Exercise brief.
Count the lines below in which "Definition" appears, then give that number by itself.

======

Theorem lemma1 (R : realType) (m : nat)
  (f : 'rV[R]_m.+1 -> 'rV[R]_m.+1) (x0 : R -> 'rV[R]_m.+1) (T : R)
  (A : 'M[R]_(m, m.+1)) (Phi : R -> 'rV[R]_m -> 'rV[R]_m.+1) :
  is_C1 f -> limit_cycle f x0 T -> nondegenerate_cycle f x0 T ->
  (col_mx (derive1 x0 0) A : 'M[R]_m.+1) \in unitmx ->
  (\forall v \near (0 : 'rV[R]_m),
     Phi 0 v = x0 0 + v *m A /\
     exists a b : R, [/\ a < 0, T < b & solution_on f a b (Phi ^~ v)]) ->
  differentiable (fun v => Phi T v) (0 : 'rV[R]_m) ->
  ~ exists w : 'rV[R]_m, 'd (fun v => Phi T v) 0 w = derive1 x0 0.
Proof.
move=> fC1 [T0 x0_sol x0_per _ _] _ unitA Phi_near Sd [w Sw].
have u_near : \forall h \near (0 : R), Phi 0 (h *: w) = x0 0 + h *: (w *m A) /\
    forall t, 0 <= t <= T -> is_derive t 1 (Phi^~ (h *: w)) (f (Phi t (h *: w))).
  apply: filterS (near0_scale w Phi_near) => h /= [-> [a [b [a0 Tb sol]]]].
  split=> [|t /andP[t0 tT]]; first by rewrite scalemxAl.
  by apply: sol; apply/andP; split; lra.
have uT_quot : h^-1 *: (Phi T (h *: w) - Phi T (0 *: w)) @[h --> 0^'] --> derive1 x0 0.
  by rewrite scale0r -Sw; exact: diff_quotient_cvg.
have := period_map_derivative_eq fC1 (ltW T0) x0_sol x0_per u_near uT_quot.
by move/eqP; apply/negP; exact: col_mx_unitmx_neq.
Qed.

======

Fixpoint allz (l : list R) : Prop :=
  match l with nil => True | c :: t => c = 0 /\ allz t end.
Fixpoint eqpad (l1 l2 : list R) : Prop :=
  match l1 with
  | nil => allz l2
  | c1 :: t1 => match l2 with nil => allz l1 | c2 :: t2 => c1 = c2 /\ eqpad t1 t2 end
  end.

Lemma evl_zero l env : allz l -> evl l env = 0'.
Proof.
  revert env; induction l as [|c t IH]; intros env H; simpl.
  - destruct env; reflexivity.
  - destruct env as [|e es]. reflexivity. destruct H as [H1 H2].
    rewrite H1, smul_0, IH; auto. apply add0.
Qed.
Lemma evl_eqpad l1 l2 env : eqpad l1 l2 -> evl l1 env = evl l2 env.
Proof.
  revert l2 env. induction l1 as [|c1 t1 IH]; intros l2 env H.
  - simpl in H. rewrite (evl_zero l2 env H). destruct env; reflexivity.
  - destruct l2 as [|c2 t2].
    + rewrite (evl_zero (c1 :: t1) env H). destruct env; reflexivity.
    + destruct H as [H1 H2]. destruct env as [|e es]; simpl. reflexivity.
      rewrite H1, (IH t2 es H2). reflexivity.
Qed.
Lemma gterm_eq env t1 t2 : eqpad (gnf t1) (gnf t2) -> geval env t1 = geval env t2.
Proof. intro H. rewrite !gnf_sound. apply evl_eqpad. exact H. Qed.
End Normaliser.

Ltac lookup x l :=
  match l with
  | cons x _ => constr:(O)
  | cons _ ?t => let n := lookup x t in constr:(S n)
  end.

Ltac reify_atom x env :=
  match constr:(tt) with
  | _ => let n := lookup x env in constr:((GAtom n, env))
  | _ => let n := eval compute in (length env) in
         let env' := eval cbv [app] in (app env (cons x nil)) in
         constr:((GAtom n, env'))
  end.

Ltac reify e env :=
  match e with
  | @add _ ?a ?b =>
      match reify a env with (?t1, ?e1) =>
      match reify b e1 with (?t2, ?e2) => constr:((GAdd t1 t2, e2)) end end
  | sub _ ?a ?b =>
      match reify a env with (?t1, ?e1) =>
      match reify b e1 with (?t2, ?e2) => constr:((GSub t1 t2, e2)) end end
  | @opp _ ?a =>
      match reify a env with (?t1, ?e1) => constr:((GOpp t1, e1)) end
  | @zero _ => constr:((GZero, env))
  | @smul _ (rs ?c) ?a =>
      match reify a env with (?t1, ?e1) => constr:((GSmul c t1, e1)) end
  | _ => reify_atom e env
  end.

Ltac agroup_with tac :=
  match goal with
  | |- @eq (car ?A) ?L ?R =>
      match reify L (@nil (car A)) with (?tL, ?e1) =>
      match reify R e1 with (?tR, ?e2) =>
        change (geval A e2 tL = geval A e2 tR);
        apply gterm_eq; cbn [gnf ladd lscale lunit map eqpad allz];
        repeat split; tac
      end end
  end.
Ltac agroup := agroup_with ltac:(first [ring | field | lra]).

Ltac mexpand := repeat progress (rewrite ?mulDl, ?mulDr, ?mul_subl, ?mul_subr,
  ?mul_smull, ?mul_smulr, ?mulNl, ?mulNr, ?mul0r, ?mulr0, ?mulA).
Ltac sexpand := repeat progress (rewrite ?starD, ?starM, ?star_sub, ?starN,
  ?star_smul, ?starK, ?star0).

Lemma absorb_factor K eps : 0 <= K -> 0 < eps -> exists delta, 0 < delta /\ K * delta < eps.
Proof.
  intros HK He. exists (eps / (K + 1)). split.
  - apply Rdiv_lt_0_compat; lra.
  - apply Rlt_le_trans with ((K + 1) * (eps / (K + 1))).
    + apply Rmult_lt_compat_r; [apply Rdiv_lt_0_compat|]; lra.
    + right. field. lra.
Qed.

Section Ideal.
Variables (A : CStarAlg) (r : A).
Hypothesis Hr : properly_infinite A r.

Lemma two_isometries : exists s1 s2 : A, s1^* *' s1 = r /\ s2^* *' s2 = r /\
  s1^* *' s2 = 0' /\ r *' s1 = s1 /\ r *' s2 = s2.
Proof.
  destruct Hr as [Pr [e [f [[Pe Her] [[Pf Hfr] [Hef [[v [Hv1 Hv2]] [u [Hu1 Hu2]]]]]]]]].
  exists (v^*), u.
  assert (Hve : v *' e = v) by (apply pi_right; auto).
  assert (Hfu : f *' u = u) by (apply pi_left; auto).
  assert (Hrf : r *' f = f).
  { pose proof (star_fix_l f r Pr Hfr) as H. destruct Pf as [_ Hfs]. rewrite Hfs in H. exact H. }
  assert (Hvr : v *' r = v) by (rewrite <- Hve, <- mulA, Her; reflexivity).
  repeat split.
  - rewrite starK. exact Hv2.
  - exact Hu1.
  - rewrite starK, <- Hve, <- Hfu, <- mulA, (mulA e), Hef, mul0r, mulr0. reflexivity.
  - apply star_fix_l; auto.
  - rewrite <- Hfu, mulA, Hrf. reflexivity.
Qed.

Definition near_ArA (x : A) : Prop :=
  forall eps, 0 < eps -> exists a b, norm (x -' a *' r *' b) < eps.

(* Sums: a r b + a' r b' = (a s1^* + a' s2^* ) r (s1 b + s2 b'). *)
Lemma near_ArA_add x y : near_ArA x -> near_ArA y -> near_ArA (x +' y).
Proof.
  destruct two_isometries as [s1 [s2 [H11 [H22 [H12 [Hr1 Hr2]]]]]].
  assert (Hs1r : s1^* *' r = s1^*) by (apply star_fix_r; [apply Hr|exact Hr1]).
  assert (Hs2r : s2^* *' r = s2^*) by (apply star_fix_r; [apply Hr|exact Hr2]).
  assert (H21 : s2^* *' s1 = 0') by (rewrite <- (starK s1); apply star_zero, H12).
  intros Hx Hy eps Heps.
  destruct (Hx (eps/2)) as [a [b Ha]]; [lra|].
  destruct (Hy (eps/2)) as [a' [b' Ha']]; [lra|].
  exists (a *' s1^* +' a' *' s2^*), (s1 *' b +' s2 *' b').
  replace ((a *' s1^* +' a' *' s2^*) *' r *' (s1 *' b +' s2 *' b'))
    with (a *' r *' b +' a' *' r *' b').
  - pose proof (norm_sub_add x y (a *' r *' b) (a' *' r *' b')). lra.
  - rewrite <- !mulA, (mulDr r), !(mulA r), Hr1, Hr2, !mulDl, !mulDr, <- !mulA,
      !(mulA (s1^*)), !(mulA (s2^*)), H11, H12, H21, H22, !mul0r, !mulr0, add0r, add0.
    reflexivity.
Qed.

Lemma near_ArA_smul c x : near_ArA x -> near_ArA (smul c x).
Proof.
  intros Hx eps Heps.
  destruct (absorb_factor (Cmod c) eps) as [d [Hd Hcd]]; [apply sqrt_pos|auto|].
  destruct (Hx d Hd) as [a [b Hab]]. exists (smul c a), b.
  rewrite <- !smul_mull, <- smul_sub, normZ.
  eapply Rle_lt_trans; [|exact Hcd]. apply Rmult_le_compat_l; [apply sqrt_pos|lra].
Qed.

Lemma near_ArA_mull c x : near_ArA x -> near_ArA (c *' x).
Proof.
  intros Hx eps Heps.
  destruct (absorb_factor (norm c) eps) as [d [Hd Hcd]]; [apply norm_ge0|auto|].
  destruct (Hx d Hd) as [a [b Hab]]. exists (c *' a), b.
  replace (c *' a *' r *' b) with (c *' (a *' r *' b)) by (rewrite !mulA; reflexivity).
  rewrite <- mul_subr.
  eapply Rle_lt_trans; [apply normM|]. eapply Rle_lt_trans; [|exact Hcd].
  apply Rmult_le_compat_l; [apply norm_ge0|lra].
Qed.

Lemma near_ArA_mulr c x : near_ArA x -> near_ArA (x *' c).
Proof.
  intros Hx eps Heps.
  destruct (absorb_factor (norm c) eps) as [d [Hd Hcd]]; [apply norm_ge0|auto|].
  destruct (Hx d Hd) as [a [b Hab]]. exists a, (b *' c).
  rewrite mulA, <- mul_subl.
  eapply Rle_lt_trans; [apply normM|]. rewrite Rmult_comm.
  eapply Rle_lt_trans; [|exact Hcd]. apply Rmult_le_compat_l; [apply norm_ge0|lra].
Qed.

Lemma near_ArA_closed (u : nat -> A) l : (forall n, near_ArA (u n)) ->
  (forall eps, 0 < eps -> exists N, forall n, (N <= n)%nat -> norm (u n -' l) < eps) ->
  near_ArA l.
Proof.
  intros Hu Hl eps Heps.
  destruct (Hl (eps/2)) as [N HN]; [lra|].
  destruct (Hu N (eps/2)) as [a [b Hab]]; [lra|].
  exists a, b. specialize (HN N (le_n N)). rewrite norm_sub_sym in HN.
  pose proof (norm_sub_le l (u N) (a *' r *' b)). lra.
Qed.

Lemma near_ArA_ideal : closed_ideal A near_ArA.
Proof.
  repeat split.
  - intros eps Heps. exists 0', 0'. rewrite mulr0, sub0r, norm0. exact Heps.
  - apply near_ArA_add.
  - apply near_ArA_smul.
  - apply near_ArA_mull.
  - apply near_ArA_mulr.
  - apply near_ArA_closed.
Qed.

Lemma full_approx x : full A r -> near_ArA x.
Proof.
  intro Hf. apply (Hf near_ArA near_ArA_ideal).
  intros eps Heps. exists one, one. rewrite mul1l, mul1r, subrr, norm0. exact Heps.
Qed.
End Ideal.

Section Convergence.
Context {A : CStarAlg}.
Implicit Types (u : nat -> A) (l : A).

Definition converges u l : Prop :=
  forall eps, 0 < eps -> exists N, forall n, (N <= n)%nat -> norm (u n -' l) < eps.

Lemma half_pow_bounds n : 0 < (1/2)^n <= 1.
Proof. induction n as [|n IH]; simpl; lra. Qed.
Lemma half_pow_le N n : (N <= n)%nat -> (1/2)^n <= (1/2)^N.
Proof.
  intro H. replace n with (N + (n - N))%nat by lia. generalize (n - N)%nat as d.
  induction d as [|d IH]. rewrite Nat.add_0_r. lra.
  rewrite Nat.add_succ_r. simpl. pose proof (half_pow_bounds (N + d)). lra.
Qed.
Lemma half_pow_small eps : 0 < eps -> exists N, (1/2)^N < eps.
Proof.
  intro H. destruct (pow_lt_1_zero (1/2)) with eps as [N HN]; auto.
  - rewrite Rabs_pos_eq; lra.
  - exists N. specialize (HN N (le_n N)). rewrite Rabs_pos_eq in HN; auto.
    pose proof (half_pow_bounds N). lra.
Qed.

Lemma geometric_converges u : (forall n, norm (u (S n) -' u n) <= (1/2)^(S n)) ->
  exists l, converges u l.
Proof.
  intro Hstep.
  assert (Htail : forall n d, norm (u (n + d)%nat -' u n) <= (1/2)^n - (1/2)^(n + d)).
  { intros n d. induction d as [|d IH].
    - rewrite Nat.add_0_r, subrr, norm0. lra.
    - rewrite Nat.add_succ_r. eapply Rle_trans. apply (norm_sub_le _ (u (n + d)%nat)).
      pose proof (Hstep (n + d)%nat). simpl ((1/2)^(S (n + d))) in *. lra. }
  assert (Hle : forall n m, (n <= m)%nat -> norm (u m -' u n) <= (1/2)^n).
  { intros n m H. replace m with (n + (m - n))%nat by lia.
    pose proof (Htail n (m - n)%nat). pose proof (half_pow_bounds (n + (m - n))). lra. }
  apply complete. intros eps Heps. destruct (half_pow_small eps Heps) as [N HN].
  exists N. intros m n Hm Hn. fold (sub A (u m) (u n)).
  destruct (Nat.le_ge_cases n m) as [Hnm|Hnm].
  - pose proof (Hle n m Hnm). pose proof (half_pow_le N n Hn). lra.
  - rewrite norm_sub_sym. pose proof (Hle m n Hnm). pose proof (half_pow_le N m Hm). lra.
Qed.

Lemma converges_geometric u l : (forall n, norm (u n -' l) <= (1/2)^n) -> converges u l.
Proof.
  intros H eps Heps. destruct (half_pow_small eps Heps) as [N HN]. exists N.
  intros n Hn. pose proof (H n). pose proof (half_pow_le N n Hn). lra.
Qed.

======

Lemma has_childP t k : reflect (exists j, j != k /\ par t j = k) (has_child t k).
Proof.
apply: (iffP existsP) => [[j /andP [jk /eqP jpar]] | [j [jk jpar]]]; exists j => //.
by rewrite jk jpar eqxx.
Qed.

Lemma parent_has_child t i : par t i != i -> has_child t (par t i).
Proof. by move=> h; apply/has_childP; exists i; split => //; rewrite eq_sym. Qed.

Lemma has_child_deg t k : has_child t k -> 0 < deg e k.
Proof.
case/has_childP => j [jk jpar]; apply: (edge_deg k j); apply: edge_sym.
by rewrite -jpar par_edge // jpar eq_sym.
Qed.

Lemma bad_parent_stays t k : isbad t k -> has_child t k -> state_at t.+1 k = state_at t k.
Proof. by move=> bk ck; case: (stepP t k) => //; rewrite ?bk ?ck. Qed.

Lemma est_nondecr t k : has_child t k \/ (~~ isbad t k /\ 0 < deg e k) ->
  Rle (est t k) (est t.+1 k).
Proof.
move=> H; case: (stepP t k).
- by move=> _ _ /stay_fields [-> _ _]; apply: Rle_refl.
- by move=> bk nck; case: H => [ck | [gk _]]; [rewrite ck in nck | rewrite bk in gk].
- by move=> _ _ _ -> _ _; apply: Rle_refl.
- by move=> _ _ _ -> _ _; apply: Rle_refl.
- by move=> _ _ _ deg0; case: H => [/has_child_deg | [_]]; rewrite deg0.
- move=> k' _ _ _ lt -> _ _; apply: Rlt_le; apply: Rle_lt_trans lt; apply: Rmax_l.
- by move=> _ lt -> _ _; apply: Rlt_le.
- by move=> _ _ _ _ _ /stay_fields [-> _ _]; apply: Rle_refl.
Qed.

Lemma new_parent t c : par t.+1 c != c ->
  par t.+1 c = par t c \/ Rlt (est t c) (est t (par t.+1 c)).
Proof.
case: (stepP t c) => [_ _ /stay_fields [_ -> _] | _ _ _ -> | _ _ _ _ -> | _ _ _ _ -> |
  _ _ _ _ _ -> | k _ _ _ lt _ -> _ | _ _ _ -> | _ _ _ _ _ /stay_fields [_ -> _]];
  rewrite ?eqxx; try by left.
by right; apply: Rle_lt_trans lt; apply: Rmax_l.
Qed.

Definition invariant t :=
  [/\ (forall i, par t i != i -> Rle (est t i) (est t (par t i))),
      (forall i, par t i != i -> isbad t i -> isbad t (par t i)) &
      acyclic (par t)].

======

Exercise solution.
3